- **Work required**:
Both the line below containing "positive, and a" and the line containing "apply/existsP; apply: contraR", along with every line between them, should be repeated exactly; no other line belongs in the answer.

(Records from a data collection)
----

(* Let $t>0$ with $1/t$ a positive integer, let $n\ge 2t+\frac{9}{2t}+\frac92$, and let $s\ge 2$ be an integer such that $s/t$ is an integer and $n\ge s+\frac{s}{t}+1$. Then $$\lambda_1\big(D(K_1\vee(K_{n-1-\frac1t}+\tfrac1tK_1))\big)<\lambda_1\big(D(K_s\vee(K_{n-s-\frac st}+\tfrac stK_1))\big).$$
   Context: For a connected graph $G$, $D(G)$ is the distance matrix and $\lambda_1(D(G))$ its largest eigenvalue. $K_m$ is the complete graph, $+$ is disjoint union, $kK_1$ is $k$ isolated vertices, $\vee$ is the join (disjoint union plus all edges between the two parts). *)

From HB Require Import structures.
From mathcomp Require Import all_boot all_order all_algebra.
From mathcomp Require Import classical_sets reals.
Set Implicit Arguments. Unset Strict Implicit. Unset Printing Implicit Defensive.
Import Order.TTheory GRing.Theory Num.Theory.
Local Open Scope ring_scope.

(* A simple graph on a finite vertex type T is an (irreflexive, symmetric)
   adjacency relation e : rel T. *)

Definition Kcomplete (m : nat) : rel 'I_m := fun x y => x != y.
Definition Kempty (k : nat) : rel 'I_k := fun _ _ => false.

Arguments Kcomplete m : clear implicits.
Arguments Kempty k : clear implicits.
Definition gunion (T1 T2 : finType) (e1 : rel T1) (e2 : rel T2) : rel (T1 + T2) :=
  fun u v => match u, v with
             | inl x, inl y => e1 x y
             | inr x, inr y => e2 x y
             | _, _ => false
             end.

Definition gjoin (T1 T2 : finType) (e1 : rel T1) (e2 : rel T2) : rel (T1 + T2) :=
  fun u v => match u, v with
             | inl x, inl y => e1 x y
             | inr x, inr y => e2 x y
             | _, _ => true
             end.

Fixpoint walkk (T : finType) (e : rel T) (k : nat) (x y : T) : bool :=
  match k with
  | 0 => x == y
  | k'.+1 => [exists z, e x z && walkk e k' z y]
  end.

(* graph distance: least k with a walk of length k from x to y
   (for connected graphs such k < #|T| exists; otherwise the value is #|T|) *)
Definition gdist (T : finType) (e : rel T) (x y : T) : nat :=
  find (fun k => walkk e k x y) (iota 0 #|T|).

Definition distmx (R : nzRingType) (T : finType) (e : rel T) : 'M[R]_#|T| :=
  \matrix_(i, j) ((gdist e (enum_val i) (enum_val j))%:R : R).

Definition lambda1 (R : realType) (n : nat) (A : 'M[R]_n) : R :=
  sup [set a : R | eigenvalue A a].

Definition Gamb (a m b : nat) : rel ('I_a + ('I_m + 'I_b)) :=
  gjoin (Kcomplete a) (gunion (Kcomplete m) (Kempty b)).
Arguments Gamb a m b : clear implicits.

From HB Require Import structures.
From mathcomp Require Import all_boot all_order all_algebra.
From mathcomp Require Import classical_sets reals.
From mathcomp Require Import polyrcf ring lra zify.
Set Implicit Arguments. Unset Strict Implicit. Unset Printing Implicit Defensive.
Import Order.TTheory GRing.Theory Num.Theory.
Local Open Scope ring_scope.

(* In K_a \/ (K_m + bK_1) any two vertices are at distance 0, 1 or 2, so the
   vectors that are constant on the three parts are invariant under the distance
   matrix D, which acts on them through a 3x3 quotient matrix with characteristic
   polynomial qchar a m b.  At a root x >= m + b the corresponding vector is
   positive, and a positive vector w with w D <= x w bounds every eigenvalue of
   the nonnegative matrix D by x; hence lambda1 D is that root.  With K = 1/t,
   the cubic of the second graph equals the cubic of the first one minus
   K (s - 1) qgap, and qgap > 0 beyond n, so the second cubic is negative at the
   spectral radius of the first graph and positive at 2n. *)

Lemma sum_ord_neq (R : nzRingType) p (y : 'I_p) (F : 'I_p -> R) (c : R) :
  F y = 0 -> (forall x, x != y -> F x = c) -> \sum_x F x = (p%:R - 1) * c.
Proof.
move=> Fy0 Fc; rewrite (bigD1 y) //= Fy0 add0r (eq_bigr (fun _ => c)) //.
rewrite sumr_const cardC1 card_ord.
by case: p y {F Fy0 Fc} => [[]//|p y]; rewrite /= -natr1 addrK mulr_natl.
Qed.

Lemma nonneg_mx_eigenvalue_le (R : realFieldType) N (M : 'M[R]_N) (w : 'rV[R]_N) r a :
  (forall i j, 0 <= M i j) -> (forall i, 0 < w 0 i) ->
  (forall i, (w *m M) 0 i <= r * w 0 i) -> eigenvalue M a -> a <= r.
Proof.
move=> M_ge0 w_gt0 wM_le /eigenvalueP[v vM v_neq0].
have [i0 vi0] : exists i0, v 0 i0 != 0.
  apply/existsP; apply: contraR v_neq0 => /existsPn v0.
  by apply/eqP/rowP => i; rewrite mxE; apply/eqP; rewrite -[_ == _]negbK v0.
(* Compare v with w at an index maximising |v_i| / w_i. *)
pose F i := `|v 0 i| / w 0 i.
have [i _ F_max] := @arg_maxP _ _ _ i0 xpredT F isT.
have vi_gt0 : 0 < `|v 0 i|.
  have : 0 < F i by apply: lt_le_trans (F_max i0 isT); rewrite divr_gt0 ?normr_gt0.
  by rewrite pmulr_lgt0 // invr_gt0.
have v_le j : `|v 0 j| <= F i * w 0 j by rewrite -ler_pdivrMr //; exact: F_max.
suff : `|a| * `|v 0 i| <= r * `|v 0 i|.
  by rewrite ler_pM2r //; apply: le_trans; apply: ler_norm.
have -> : `|a| * `|v 0 i| = `|(v *m M) 0 i| by rewrite vM mxE normrM.
rewrite mxE; apply: le_trans (ler_norm_sum _ _ _) _.
apply: (@le_trans _ _ (F i * (w *m M) 0 i)).
  rewrite mxE mulr_sumr; apply: ler_sum => j _.
  by rewrite normrM (ger0_norm (M_ge0 j i)) mulrA ler_wpM2r.
have -> : r * `|v 0 i| = F i * (r * w 0 i) by rewrite mulrCA /F divfK // gt_eqF.
by rewrite ler_wpM2l ?wM_le // divr_ge0 // ltW.
Qed.

Lemma lambda1_eq_max (R : realType) N (M : 'M[R]_N) x : eigenvalue M x ->
  (forall e, eigenvalue M e -> e <= x) -> lambda1 M = x.
Proof.
move=> Mx x_max; apply/le_anti/andP; split; first by apply: ge_sup; [exists x|].
by apply: sup_upper_bound => //; split; [exists x | exists x].
Qed.

Lemma walkk1 (T : finType) (e : rel T) u v : walkk e 1 u v = e u v.
Proof.
by apply/existsP/idP => [[z /andP[h /eqP <-]]|h] //; exists v; rewrite h eqxx.
Qed.

(* The characteristic polynomial of the quotient matrix
   [:: [:: a - 1; m; b]; [:: a; m - 1; 2 b]; [:: a; 2 m; 2 b - 2]]. *)
Definition qchar {R : nzRingType} (a m b x : R) : R :=
  x ^+ 3 - (a + m + 2 * b - 4) * x ^+ 2
  + (a * b - 3 * a - 2 * m * b - 3 * m - 4 * b + 5) * x
  + (a * m * b + a * b - 2 * a - 2 * m * b - 2 * m - 2 * b + 2).

Section JoinGraph.
Variables a m b : nat.
Local Notation V := ('I_a + ('I_m + 'I_b))%type.
Local Notation G := (Gamb a m b).

Definition Gamb_dist (u v : V) : nat := if u == v then 0 else if G u v then 1 else 2.

Hypothesis a_gt0 : (0 < a)%N.
(* gdist only tries walk lengths below the number of vertices. *)
Hypothesis card_ge3 : (3 <= a + (m + b))%N.

Lemma gdist_Gamb u v : gdist G u v = Gamb_dist u v.
Proof.
move: card_ge3; rewrite /gdist /Gamb_dist !card_sum !card_ord.
case: (a + (m + b))%N => [|[|[|N]]] // _ /=; rewrite -[[exists z, _]]/(walkk G 1 u v) walkk1.
case: eqP => // /eqP uv; case: ifP => // euv.
suff -> : [exists z, G u z && walkk G 1 z v] by [].
apply/existsP; exists (inl (Ordinal a_gt0)); rewrite walkk1.
by move: uv euv; case: u => [x|x]; case: v => [y|y] //=; rewrite /Kcomplete => ->.
Qed.

Definition blockf {R : Type} (X Y Z : R) (u : V) : R :=
  match u with inl _ => X | inr (inl _) => Y | inr (inr _) => Z end.

Definition D_blockf {R : nzRingType} (X Y Z : R) (u : V) : R :=
  match u with
  | inl _ => (a%:R - 1) * X + m%:R * Y + b%:R * Z
  | inr (inl _) => a%:R * X + (m%:R - 1) * Y + 2 * b%:R * Z
  | inr (inr _) => a%:R * X + 2 * m%:R * Y + (2 * b%:R - 2) * Z
  end.

Lemma sum_blockf_dist (R : comNzRingType) (X Y Z : R) (w : V) :
  \sum_u blockf X Y Z u * (Gamb_dist u w)%:R = D_blockf X Y Z w.
Proof.
rewrite big_sumType /= big_sumType /=.
case: w => [y|[y|y]]; rewrite /Gamb_dist /= !sumr_const !card_ord.
- rewrite (sum_ord_neq (y := y) (c := X)); first ring.
    by rewrite eqE /= eqxx mulr0.
  by move=> i ne; rewrite eqE /= (negbTE ne) /Kcomplete ne mulr1n mulr1.
- rewrite (sum_ord_neq (y := y) (c := Y)); first ring.
    by rewrite eqE /= eqE /= eqxx mulr0.
  by move=> i ne; rewrite eqE /= eqE /= (negbTE ne) /Kcomplete ne mulr1n mulr1.
- rewrite (sum_ord_neq (y := y) (c := (Z * 2))); first ring.
    by rewrite eqE /= eqE /= eqxx mulr0.
  by move=> i ne; rewrite eqE /= eqE /= (negbTE ne).
Qed.

Definition blockv {R : nzRingType} (X Y Z : R) : 'rV[R]_#|{: V}| :=
  \row_i blockf X Y Z (enum_val i).

Lemma blockv_mul_distmx (R : comNzRingType) (X Y Z : R) j :
  (blockv X Y Z *m distmx R G) 0 j = D_blockf X Y Z (enum_val j).
Proof.
rewrite !mxE -sum_blockf_dist.
under eq_bigr => i _ do rewrite !mxE gdist_Gamb.
rewrite -(big_enum_val (fun u => blockf X Y Z u * (Gamb_dist u (enum_val j))%:R)).
by apply: eq_bigl => u; rewrite inE.
Qed.

Section Perron.
Variable R : realType.
Implicit Type x : R.

(* The row (1, 1, 1) adj (x - Q) for the quotient matrix Q, lifted to the vertices. *)
Definition perronX x := (x + 1) * (x + 2) - b%:R * (x + m%:R + 1).
Definition perronY x := (x + 1) * (x + 2).
Definition perronZ x := (x + 1) * (x + m%:R + 1).
Definition perronv x := blockv (perronX x) (perronY x) (perronZ x).

Lemma perronv_mul_distmx x j :
  (perronv x *m distmx R G) 0 j = x * perronv x 0 j - qchar a%:R m%:R b%:R x.
Proof.
rewrite blockv_mul_distmx mxE.
by case: (enum_val j) => [y|[y|y]]; rewrite /= /qchar /perronX /perronY /perronZ; ring.
Qed.

Lemma perronv_gt0 x i : m%:R + b%:R <= x -> 0 < perronv x 0 i.
Proof.
have m_ge0 : 0 <= m%:R :> R by []. have b_ge0 : 0 <= b%:R :> R by [].
move=> x_ge; rewrite mxE /perronX /perronY /perronZ.
by case: (enum_val i) => [y|[y|y]] /=; nra.
Qed.

Hypothesis m_gt0 : (0 < m)%N.

Lemma Gamb_eigenvalue x : 0 <= x -> qchar a%:R m%:R b%:R x = 0 ->
  eigenvalue (distmx R G) x.
Proof.
move=> x_ge0 qx0; apply/eigenvalueP; exists (perronv x).
  by apply/rowP => j; rewrite perronv_mul_distmx qx0 subr0 !mxE.
apply/eqP => /rowP /(_ (enum_rank (inr (inl (Ordinal m_gt0)) : V))).
by rewrite !mxE enum_rankK /= /perronY => /eqP; rewrite mulf_eq0 => /orP[] /eqP; lra.
Qed.

Lemma lambda1_Gamb x : m%:R + b%:R <= x -> qchar a%:R m%:R b%:R x = 0 ->
  lambda1 (distmx R G) = x.
Proof.
move=> x_ge qx0; have x_ge0 : 0 <= x by apply: le_trans x_ge; rewrite addr_ge0.
apply: lambda1_eq_max; first exact: Gamb_eigenvalue.
move=> e; apply: (@nonneg_mx_eigenvalue_le _ _ _ (perronv x)).
- by move=> i j; rewrite mxE ler0n.
- by move=> i; apply: perronv_gt0.
- by move=> i; rewrite perronv_mul_distmx qx0 subr0.
Qed.
End Perron.

End JoinGraph.

Lemma qchar_ivt (R : rcfType) (a m b lo hi : R) : lo <= hi ->
  qchar a m b lo < 0 -> 0 < qchar a m b hi ->
  exists2 x, lo < x < hi & qchar a m b x = 0.
Proof.
move=> lo_le_hi q_lo q_hi.
pose p : {poly R} := 'X^3 - (a + m + 2 * b - 4)%:P * 'X^2
  + (a * b - 3 * a - 2 * m * b - 3 * m - 4 * b + 5)%:P * 'X
  + (a * m * b + a * b - 2 * a - 2 * m * b - 2 * m - 2 * b + 2)%:P.
have pE x : p.[x] = qchar a m b x.
  by rewrite !(hornerD, hornerN, hornerCM, hornerXn, hornerX, hornerC).
have [x x_in /rootP] := @poly_ivtoo R p lo hi lo_le_hi ltac:(by rewrite !pE pmulr_llt0).
by rewrite pE; exists x; rewrite in_itv in x_in.
Qed.

Lemma qchar_twice_sum_gt0 (R : realFieldType) (a m b N : R) :
  0 <= a -> 0 <= m -> 0 <= b -> a + m + b = N -> 0 < qchar a m b (2 * N).
Proof.
move=> a_ge0 m_ge0 b_ge0 <-.
have -> : qchar a m b (2 * (a + m + b)) = 2 + a * (4 * a ^+ 2 + 12 * a * m + 10 * a * b
    + 10 * a + 12 * m ^+ 2 + 15 * m * b + 20 * m + 6 * b ^+ 2 + 19 * b + 8)
    + m * (4 * m ^+ 2 + 4 * m * b + 10 * m + 16 * b + 8) + b * (8 * b + 8).
  by rewrite /qchar; ring.
by rewrite !ltr_wpDr ?mulr_ge0 //; nra.
Qed.

Section RootComparison.
Variables (R : realFieldType) (K N : R) (s : nat).
Local Notation S := (s%:R : R).

Lemma N_lower_bound : 1 <= K -> 4 + 9 * K ^+ 2 + 9 * K <= 2 * K * N -> 2 * K + 4 <= N.
Proof.
move=> K_ge1 N_large; rewrite leNgt; apply/negP => N_lt.
have : 2 * K * N < 2 * K * (2 * K + 4) by rewrite ltr_pM2l //; lra.
nra.
Qed.

Lemma qchar_lt0_at_N : 1 <= K -> 4 + 9 * K ^+ 2 + 9 * K <= 2 * K * N ->
  qchar 1 (N - 1 - K) K N < 0.
Proof.
move=> K_ge1 N_large; have N_ge9 : 9 <= N by nra.
have -> : qchar 1 (N - 1 - K) K N =
  2 * K ^+ 2 * N + K ^+ 2 - 3 * K * N ^+ 2 + K * N + 2 * K + N ^+ 2 + 3 * N + 2.
  by rewrite /qchar; ring.
nra.
Qed.

Definition qgap x := x ^+ 2 + (2 * N - 2 * K * (S + 1) - 3 * S - 2) * x
  + K * (S ^+ 2 - S - 1) + S ^+ 2 - 2 * S - 2 - N * (S - 1).

Lemma qcharD_qgap x :
  qchar S (N - S - S * K) (S * K) x = qchar 1 (N - 1 - K) K x - K * (S - 1) * qgap x.
Proof. by rewrite /qchar /qgap; ring. Qed.

Lemma qgap_gt0 x : 1 <= K -> 4 + 9 * K ^+ 2 + 9 * K <= 2 * K * N ->
  (2 <= s)%N -> S * (K + 1) + 1 <= N -> N <= x -> 0 < qgap x.
Proof.
move=> K_ge1 N_large s_ge2 sK_le N_le_x.
have N_ge := N_lower_bound K_ge1 N_large.
have S_ge2 : 2 <= S by rewrite (ler_nat R 2 s).
suff qgap_N : 0 < qgap N.
  have -> : qgap x = qgap N + (x - N) * (x + 3 * N - 2 * K * (S + 1) - 3 * S - 2).
    by rewrite /qgap; ring.
  have : 0 <= (x - N) * (x + 3 * N - 2 * K * (S + 1) - 3 * S - 2).
    by apply: mulr_ge0; nra.
  lra.
pose e := N - S * (K + 1) - 1.
have e_ge0 : 0 <= e by rewrite /e; lra.
have -> : qgap N = 3 * e ^+ 2 + e * (4 * K * S - 2 * K + 2 * S + 5)
    + K ^+ 2 * S * (S - 2) + K * S ^+ 2 - 3 * K - S.
  by rewrite /qgap /e; ring.
have [s2 | s_ge3] : s = 2%N \/ (3 <= s)%N by lia.
  have e_ge1 : 1 <= e by rewrite /e s2; lra.
  rewrite s2; nra.
have S_ge3 : 3 <= S by rewrite (ler_nat R 3 s).
have : 0 <= e * (4 * K * S - 2 * K + 2 * S + 5) by apply: mulr_ge0 => //; nra.
have : 0 <= K ^+ 2 * S * (S - 2) by rewrite !mulr_ge0 ?sqr_ge0 //; lra.
have : 0 <= (K - 1) * (S ^+ 2 - 3) by apply: mulr_ge0; nra.
nra.
Qed.

End RootComparison.

Lemma qchar_roots_lt (R : realType) (K N : R) (s : nat) : 1 <= K ->
  4 + 9 * K ^+ 2 + 9 * K <= 2 * K * N -> (2 <= s)%N -> s%:R * (K + 1) + 1 <= N ->
  exists r1 r2, [/\ N < r1, r1 < r2, qchar 1 (N - 1 - K) K r1 = 0
                  & qchar s%:R (N - s%:R - s%:R * K) (s%:R * K) r2 = 0].
Proof.
move=> K_ge1 N_large s_ge2 sK_le.
have N_ge := N_lower_bound K_ge1 N_large.
have S_ge2 : 2 <= s%:R :> R by rewrite (ler_nat R 2 s).
have [r1 /andP[N_lt_r1 r1_lt] q1_r1] : exists2 r1, N < r1 < 2 * N & qchar 1 (N - 1 - K) K r1 = 0.
  apply: qchar_ivt; [lra | exact: qchar_lt0_at_N |].
  by apply: qchar_twice_sum_gt0; rewrite //; lra.
have q2_r1 : qchar s%:R (N - s%:R - s%:R * K) (s%:R * K) r1 < 0.
  rewrite qcharD_qgap q1_r1 sub0r oppr_lt0 !mulr_gt0 //; first lra; first lra.
  by apply: qgap_gt0 => //; lra.
have [r2 /andP[r1_lt_r2 _] q2_r2] := qchar_ivt (ltW r1_lt) q2_r1
  ltac:(by apply: qchar_twice_sum_gt0; rewrite ?mulr_ge0 //; lra).
by exists r1, r2.
Qed.

Theorem mainTheorem7 (R : realType) (t : R) (k j n s : nat)
  (ht : 0 < t) (hk0 : (0 < k)%N) (hk : t^-1 = k%:R)
  (hn : 2 * t + 9 / (2 * t) + 9 / 2 <= n%:R)
  (hs : (2 <= s)%N) (hj : s%:R / t = j%:R)
  (hns : (s + j + 1 <= n)%N) :
  lambda1 (distmx R (Gamb 1%N (n - 1 - k)%N k))
  < lambda1 (distmx R (Gamb s (n - s - j)%N j)).
Proof.
have j_sk : j = (s * k)%N by apply/eqP; rewrite -(eqr_nat R) natrM -hj -hk.
subst j; have K_ge1 : 1 <= k%:R :> R by rewrite ler1n.
have N_large : 4 + 9 * k%:R ^+ 2 + 9 * k%:R <= 2 * k%:R * n%:R :> R.
  have k_neq0 : k%:R != 0 :> R by rewrite pnatr_eq0 -lt0n.
  rewrite -subr_ge0 (_ : _ - _ = 2 * k%:R * (n%:R - (2 * t + 9 / (2 * t) + 9 / 2))).
    by rewrite mulr_ge0 ?subr_ge0 // mulr_ge0.
  by rewrite -[t]invrK hk; field.
have sK_le : s%:R * (k%:R + 1) + 1 <= n%:R :> R.
  by move: hns; rewrite -(ler_nat R) !natrD natrM; lra.
have [r1 [r2 [N_lt_r1 r1_lt_r2 q1 q2]]] := qchar_roots_lt K_ge1 N_large hs sK_le.
have -> : lambda1 (distmx R (Gamb 1 (n - 1 - k) k)) = r1.
  apply: lambda1_Gamb; rewrite ?natrB //; try nia; lra.
have -> : lambda1 (distmx R (Gamb s (n - s - s * k) (s * k))) = r2.
  apply: lambda1_Gamb; rewrite ?natrB ?natrM //; try nia; have := ler0n R s; lra.
exact: r1_lt_r2.
Qed.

----

- **Task response**:
   positive, and a positive vector w with w D <= x w bounds every eigenvalue of
   the nonnegative matrix D by x; hence lambda1 D is that root.  With K = 1/t,
   the cubic of the second graph equals the cubic of the first one minus
   K (s - 1) qgap, and qgap > 0 beyond n, so the second cubic is negative at the
   spectral radius of the first graph and positive at 2n. *)

Lemma sum_ord_neq (R : nzRingType) p (y : 'I_p) (F : 'I_p -> R) (c : R) :
  F y = 0 -> (forall x, x != y -> F x = c) -> \sum_x F x = (p%:R - 1) * c.
Proof.
move=> Fy0 Fc; rewrite (bigD1 y) //= Fy0 add0r (eq_bigr (fun _ => c)) //.
rewrite sumr_const cardC1 card_ord.
by case: p y {F Fy0 Fc} => [[]//|p y]; rewrite /= -natr1 addrK mulr_natl.
Qed.

Lemma nonneg_mx_eigenvalue_le (R : realFieldType) N (M : 'M[R]_N) (w : 'rV[R]_N) r a :
  (forall i j, 0 <= M i j) -> (forall i, 0 < w 0 i) ->
  (forall i, (w *m M) 0 i <= r * w 0 i) -> eigenvalue M a -> a <= r.
Proof.
move=> M_ge0 w_gt0 wM_le /eigenvalueP[v vM v_neq0].
have [i0 vi0] : exists i0, v 0 i0 != 0.
  apply/existsP; apply: contraR v_neq0 => /existsPn v0.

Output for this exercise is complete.